Want Better AI Images? Ask a Chatbot!
How to use LLMs to brainstorm scene ideas, remix pictures, and more.
Happy Thursday, digital dingos!
Almost exactly1 a year ago, I wrote about “splatterprompting.”
That’s the practice of filling text-to-image prompts with dubious descriptors like “64K, HD, hyperrealistic, award-winning, masterpiece, best, epic, legendary, godlike, Captain-Marvelly”…you get the picture.
The gist of my argument was: “Stop that.”
My sentiment still holds.
Today, in line with the “connecting the dots” pledge I made last week, I want to demystify text-to-image prompting for those who still think it’s a complex and incomprehensible science.
Follow me, and you’ll see just how simple it can be…2
Image models have gotten way better
In my now-one-year-old article, I made the case for using natural language instead of splatterprompting:
I reasoned that image models would only get better at creating pictures based on straightforward inputs.
Now, I’m not one to toot my own horn, but *TOOT*
My prediction has come true in at least two major ways:
1. Image models make better images now
Hey, remember this meme from late 2022?
Oh, how we laughed!
Anyway, here’s Midjourney V6:
Yup.
Text-to-image models are that good now.

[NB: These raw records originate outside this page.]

Lemma semiprime_witnessesP M a b N : prime a -> prime b -> 0 < N <= M ->
  a * b %| totient N -> has (dvdn^~ N) (semiprime_witnesses M a b).
Proof.
move=> a_pr b_pr /andP[N_gt0 NM] abN; apply/hasP.
have in_cong1 m p : p \in primes N -> m %| p.-1 -> p \in cong1_primes M m.
  exact: primes_cong1.
have in_primes p : p \in primes N -> p %| N by rewrite mem_primes => /and3P[].
have sqr_primes p : prime p -> p * p %| N -> p \in primes N.
  by move=> p_pr ppN; rewrite mem_primes p_pr N_gt0 (dvdn_trans (dvdn_mulr _ _) ppN).
case: (eqVneq a b) abN => [<-{b_pr} aaN|ab abN].
  case: (sqr_dvd_totient a_pr N_gt0 aaN) => [aaN'|[p pN aap]|[p [q [pN qN pq ap aq]]]].
  - by exists (a * a); rewrite ?mem_head.
  - by exists p; rewrite ?in_primes // /semiprime_witnesses !(inE, mem_cat) in_cong1 ?orbT.
  exists (p * q); last exact: mul_primes_dvdn.
  by rewrite /semiprime_witnesses !(inE, mem_cat) allpairs_f ?orbT // in_cong1.
have dvd_tot d : d %| a * b -> d %| totient N by move/dvdn_trans; apply.
case: (prime_dvd_totient a_pr N_gt0 (dvd_tot _ (dvdn_mulr _ (dvdnn a)))) => [aaN|[p pN ap]];
case: (prime_dvd_totient b_pr N_gt0 (dvd_tot _ (dvdn_mull _ (dvdnn b)))) => [bbN|[q qN bq]].
- exists (a * b); first exact: mem_head.
  by apply: mul_primes_dvdn => //; apply: sqr_primes.
- exists (a * q); first by rewrite /semiprime_witnesses !(inE, mem_cat) map_f ?orbT // in_cong1.
  have [<-//|aq] := eqVneq a q.
  by apply: mul_primes_dvdn => //; apply: sqr_primes.
- exists (b * p); first by rewrite /semiprime_witnesses !(inE, mem_cat) map_f ?orbT // in_cong1.
  have [<-//|bp] := eqVneq b p.
  by apply: mul_primes_dvdn => //; apply: sqr_primes.
case: (eqVneq p q) bq => [<-{qN} bp|pq bq].
  have abp : a * b %| p.-1 by rewrite Gauss_dvd ?ap ?bp // prime_coprime // dvdn_prime2.
  exists p; last exact: in_primes.
  by rewrite /semiprime_witnesses !(inE, mem_cat) in_cong1 ?orbT.
exists (p * q); last exact: mul_primes_dvdn.
by rewrite /semiprime_witnesses !(inE, mem_cat) allpairs_f ?orbT // in_cong1.
Qed.

Lemma prime_witnesses_prime_or_semiprime M r : prime r ->
  {in prime_witnesses M r, forall v, prime_or_semiprime v}.
Proof.
move=> r_pr v; rewrite inE mem_cong1_primes => /predU1P[->|/and3P[v_pr _ _]].
  by right; exists r, r.
by left.
Qed.

Lemma semiprime_witnesses_prime_or_semiprime M a b : prime a -> prime b ->
  {in semiprime_witnesses M a b, forall v, prime_or_semiprime v}.
Proof.
move=> a_pr b_pr v; rewrite inE !mem_cat.
have cong1_pr m p : p \in cong1_primes M m -> prime p.
  by rewrite mem_cong1_primes => /and3P[].
case/predU1P => [->|/or4P[/mapP[p /cong1_pr p_pr ->]|/mapP[p /cong1_pr p_pr ->]|/cong1_pr|]].
- by right; exists a, b.
- by right; exists a, p.
- by right; exists b, p.
- by left.
by case/allpairsP=> -[p q] /= [/cong1_pr p_pr /cong1_pr q_pr ->]; right; exists p, q.
Qed.

Lemma sub_in_count (T : eqType) (a1 a2 : pred T) (s : seq T) :
  {in s, subpred a1 a2} -> count a1 s <= count a2 s.
Proof.
elim: s => //= x s IHs sub12; apply: leq_add; last first.
  by apply: IHs => y sy; apply: sub12; rewrite inE sy orbT.
by case a1x: (a1 x); rewrite // sub12 ?mem_head.
Qed.

Lemma count_has_leq (T I : Type) (P : I -> pred T) (ws : seq I) (s : seq T) :
  count (fun x => has (P^~ x) ws) s <= \sum_(w <- ws) count (P w) s.
Proof.
elim: ws => [|w ws IHws]; first by rewrite big_nil; elim: s.
rewrite big_cons (leq_trans _ (leq_add (leqnn _) IHws)) // -count_predUI.
exact: leq_addr.
Qed.

Definition count_phi (M k : nat) (D : pred nat) : nat :=
  count (fun n => D (phi_iter k n)) (iota 1 M).

Lemma count_phi0_dvdn M d : 0 < d -> count_phi M 0 (dvdn d) = M %/ d.
Proof.
move=> d_gt0; elim: M => [|M IHM]; first by rewrite div0n.
rewrite /count_phi -[M.+1]addn1 iotaD count_cat -/(count_phi M 0 _) IHM /=.
by rewrite addn0 add1n addn1 divnS // addnC.
Qed.

Lemma count_phiS_leq M k (D : pred nat) (ws : seq nat) :
  (forall N, 0 < N <= M -> D (totient N) -> has (dvdn^~ N) ws) ->
  count_phi M k.+1 D <= \sum_(w <- ws) count_phi M k (dvdn w).
Proof.
move=> cover; apply: leq_trans (count_has_leq (fun w n => w %| phi_iter k n) _ _).
apply: sub_in_count => n; rewrite mem_iota add1n ltnS => /andP[n_gt0 nM] /=.
apply: cover.
by rewrite phi_iter_gt0 n_gt0 (leq_trans (phi_iter_leq _ _)).
Qed.

Definition large_primes (M : nat) (y : R) : seq nat :=
  [seq q <- iota 0 M.+1 | prime q && ~~ leRb q y].

Definition has_large_square (M k : nat) (y : R) (n : nat) : bool :=
  has (fun j => has (fun q => q * q %| phi_iter j n) (large_primes M y)) (iota 0 k).

Lemma count_large_square_leq M k y :
  count (has_large_square M k y) (iota 1 M) <=
  \sum_(j <- iota 0 k) \sum_(q <- large_primes M y) count_phi M j (dvdn (q * q)).
Proof.
apply: leq_trans (count_has_leq _ _ _) _; apply: leq_sum => j _.
exact: count_has_leq.
Qed.

Lemma has_large_squareN M k y n : 0 < n <= M -> ~~ has_large_square M k y n ->
  forall j q, j < k -> prime q -> q * q %| phi_iter j n -> leRb q y.
Proof.
move=> /andP[n_gt0 nM] /hasPn small j q jk q_pr qq; apply/negPn/negP => q_large.
have j_in : j \in iota 0 k by rewrite mem_iota add0n jk.
have q_in : q \in large_primes M y.
  rewrite mem_filter q_pr q_large mem_iota add0n ltnS /=.
  have phi_gt0 : 0 < phi_iter j n by rewrite phi_iter_gt0.
  rewrite (leq_trans (leq_pmulr q (prime_gt0 q_pr))) // (leq_trans (dvdn_leq phi_gt0 qq)) //.
  exact: leq_trans (phi_iter_leq _ _) nM.
by move: (small j j_in) => /hasPn/(_ q q_in)/negP.
Qed.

People with three limbs and 17 fingers are largely a thing of the past.3
This means you no longer have to guide a model by telling it you want “a hand with five fingers” or using negative prompts like “low-res, bad anatomy, blurry, out of frame, deformed, mutated hands,” etc. (These are all real, by the way.)
To wit, here are two results for a simple short prompt: “Dog”:
Can you guess which one is Midjourney Version 1 and which one is Version 6?
(Hint: V6 is the one that doesn’t look like a Cronenbergian horror.)
Midjourney V6 doesn’t need a detailed specification of how many eyes dogs have to return a polished, fully realized image.
Instead, you can use the prompt space to focus on vivid descriptions of the exact scene you want.
This brings us to…
2. Image models understand you better now
The launch of DALL-E 3 marked a new era in just how many instructions and descriptors a text-to-image model can reliably handle.
Turns out it’s “many.”
From DALL-E 3 to Google’s Imagen 2 to Midjourney V6, the current generation of image models can successfully respond to long, elaborate scene descriptions written in natural language.
That’s great news for you: You can finally stop chasing “advanced prompts” all over the Internet.
Nowadays, an “advanced prompt” is just you telling the model what you want it to draw in as many words as are necessary to convey your vision.
“But Daniel,” you counter, “This assumes I’m able to describe my vision accurately and exhaustively. In case you haven't noticed, I’m not exactly Hemingway!”
I know, my hypothetical straw man friend.
I also no word so good sometimes.
Luckily, we have another AI tool to help our word-challenged selves…
Enter chatbots
Unlike many of us, chatbots powered by large language models always know the right terminology and are pretty great with descriptions.
If you don’t know what “macro photography” is, they have your back:
If you aren’t inspired enough to describe an interesting scene, they have your back.
This is perfect for anyone who wants to experiment with image models but doesn’t know where to start.
Chatbots are the ideal middleman between you and a text-to-image model, as expressed by this technical formula (see if you can follow):
Image models that understand natural language
+
LLMs that can describe scenes using natural language
=
Good things!
With that in mind, let’s explore a few specific ways to use AI chatbots in combination with text-to-image tools.
What chatbots can help with
For demo purposes, I’ll be using ChatGPT to generate prompts and Midjourney V6 to create images.
But the takeaways are generally applicable.
You can use your chatbot of choice and plug the resulting prompts into your preferred image model. (Don’t have one? I covered seven text-to-image models a month ago, and most of them are free to use.4)
For an all-in-one experience, you have two great options:
Paid: If you’re a ChatGPT Plus user, you can discuss what you want and generate images in the same chat using DALL-E 3.
Free: You can replicate virtually the same experience with Microsoft Copilot, which is also powered by GPT-4 and DALL-E 3.
Off we go!
1. Brainstorming scene ideas
Let’s say I want to make a kid-friendly alien but don’t know the exact look I’m going for. I ask ChatGPT to do something like this:5
I want to draw a cute alien for my kids, but I don't know what it should look like. Please give me five very different descriptions of about 80 words each. Aim for different styles and color palettes for each. Don't start your descriptions with commands like "Imagine" or "Create." Instead, use words sparingly to describe only the visual elements that can be captured in a single image.
ChatGPT happily obliges:
I’m tempted to clean the descriptions up a bit (e.g. “Tall, slender alien” instead of “This alien is tall and slender”).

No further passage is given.